Cependant, la différence entre les pays de l’Est et de l’Ouest de l’UE s’est réduite. La Pologne et la Hongrie pourraient souvent faire la une des journaux pour leur recul démocratique perçu, mais ce sont des réussites économiques de l’ancien bloc de l’Est. Avant le COVID, la Pologne augmentait de plus de 4 % par an en moyenne depuis son adhésion à l’UE.

Une grande partie de cela est due aux fonds de cohésion de l’UE, par lesquels l’argent est injecté dans les régions en dessous de certains seuils de produit intérieur brut (PIB) par habitant. Plus une région est inférieure au seuil, plus elle reçoit d’argent pour les entreprises, l’éducation et les infrastructures. Entre les Balkans et les pays baltes, la croissance a largement dépassé celle de l’Europe occidentale et septentrionale ces dernières années.

attention à l’écart

Ce sont les disparités au sein des pays qui menacent discrètement la prospérité de l’Union européenne. Ils sont soigneusement cachés derrière des chiffres de PIB raisonnablement sains, qui sont principalement soutenus par la croissance dans les régions entourant les grandes villes. Mais certaines régions, notamment les régions rurales ou celles qui étaient autrefois des puissances industrielles, sont perdantes.

Prenez la France, où le PIB par habitant de la région parisienne a augmenté régulièrement de 1,2 % en moyenne au cours des deux décennies qui ont précédé la pandémie. En revanche, de nombreuses régions de la moitié nord du pays étaient presque complètement stagnantes. Quelques autres ont même contracté.
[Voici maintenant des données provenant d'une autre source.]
Lemma ln_multinomial_entropy (ks : seq nat) : ks != [::] ->
  `|ln (sumn ks)`!%:R - \sum_(k <- ks) ln k`!%:R
     - (sumn ks)%:R * ln 2 * entropy [seq k%:R / (sumn ks)%:R | k <- ks] : R|
  <= (size ks)%:R * (ln (sumn ks)%:R + 1).
Proof.
move=> ks_neq0; rewrite entropy_counts; set m := sumn ks.
(* The Stirling remainders [r]; the main terms cancel since the [k] sum to [m]. *)
pose r (n : nat) : R := ln n`!%:R - (n%:R * ln n%:R - n%:R).
have r_bounds n : 0 <= r n <= ln n%:R + 1.
  by have /andP[lo up] := ln_fact_bounds n; rewrite /r; apply/andP; split; lra.
have -> : ln m`!%:R - \sum_(k <- ks) ln k`!%:R
          - (m%:R * ln m%:R - \sum_(k <- ks) k%:R * ln k%:R) = r m - \sum_(k <- ks) r k.
  by rewrite /r !sumrB -natr_sum -sumnE -/m; ring.
have sum_r_ge0 : 0 <= \sum_(k <- ks) r k by apply: sumr_ge0 => k _; case/andP: (r_bounds k).
have sum_r_le : \sum_(k <- ks) r k <= (size ks)%:R * (ln m%:R + 1).
  apply: (@le_trans _ _ (\sum_(k <- ks) (ln m%:R + 1))).
    rewrite big_seq [leRHS]big_seq; apply: ler_sum => k /mem_leq_sumn km.
    case/andP: (r_bounds k) => _ /le_trans; apply.
    by rewrite lerD2r ln_nat_le.
  by rewrite big_const_seq count_predT iter_addr_0 mulr_natl.
have size_ge1 : 1 <= (size ks)%:R :> R by rewrite ler1n lt0n size_eq0.
have /andP[rm_ge0 rm_le] := r_bounds m; have := ln_nat_ge0 m => ln_m_ge0.
rewrite ler_norml; apply/andP; split; nra.
Qed.

Lemma ln_row_count (m k : nat) : (0 < m)%N -> (k <= m)%N ->
  `|ln ('C(m, k) * 2 ^ m)%:R
    - m%:R * ln 2 * (entropy [:: k%:R / m%:R; 1 - k%:R / m%:R] + 1) : R|
  <= 2 * (ln m%:R + 1).
Proof.
move=> m_gt0 km; have m_neq0 : m%:R != 0 :> R by rewrite pnatr_eq0 -lt0n.
have last_ratio : (m - k)%:R / m%:R = 1 - k%:R / m%:R :> R by rewrite natrB //; field.
have := @ln_multinomial_entropy [:: k; (m - k)%N] isT.
rewrite /= addn0 subnKC // big_cons big_seq1 last_ratio => bound.
apply: le_trans bound; rewrite le_eqVlt; apply/predU1P; left; congr `|_|.
rewrite natrM lnM ?posrE ?ltr0n ?bin_gt0 ?expn_gt0 // natrX lnXn // ln_binomial //.
by rewrite -[ln 2 *+ _]mulr_natl; set H := entropy _; field.
Qed.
De même, la région de Lombardie autour de Milan, la région la plus riche d’Italie, a creusé l’écart de PIB avec le reste du pays sur la même période. Certaines régions des Pays-Bas, du Luxembourg, d’Espagne et de Grèce affichent également des améliorations quasi nulles du PIB par habitant sur deux décennies. En bref : les inégalités régionales au sein des pays se creusent.

Les fonds de cohésion de l’UE sont acheminés vers les régions les moins prospères de tous les États membres de l’UE, et pas seulement vers les pays de l’Est. Mais jusqu’à présent, ils n’ont pas réussi à stimuler les performances des régions rurales.

Un pôle d’attraction pour la croissance urbaine

Les responsables politiques ont été lents à comprendre que le passage de la production aux services a une dimension fortement régionale. À l’époque où l’industrie représentait une part beaucoup plus importante de l’emploi, les usines et les usines offraient une répartition plus uniforme des emplois dans tout le pays.

Maintenant que ces emplois sont en déclin, les postes dans l’informatique, le conseil et la finance sont massivement créés dans les grandes villes, agissant comme un pôle d’attraction pour les investissements et les compétences dans les centres urbains. L’innovation — la création et l’utilisation de nouvelles technologies, un déterminant connu de la croissance régionale à long terme — est également inégalement répartie.

Un rapport récent par la Commission européenne a constaté que, dans presque tous les pays membres, l’innovation était la plus forte dans les capitales et leurs environs. L’innovation aspire davantage d’investissements dans les régions déjà prospères et draine les ressources des autres, contribuant à la spirale ascendante pour les grandes villes et à une spirale descendante pour les régions rurales.

“Un avenir bien triste”

“Si nous laissons les divergences devenir trop fortes, alors économiquement c’est absurde”, a déclaré à DW la commissaire européenne à la cohésion et aux réformes, Elisa Ferreira. “Même les pôles les plus développés commencent à ralentir parce qu’ils ne peuvent pas faire face à la congestion.”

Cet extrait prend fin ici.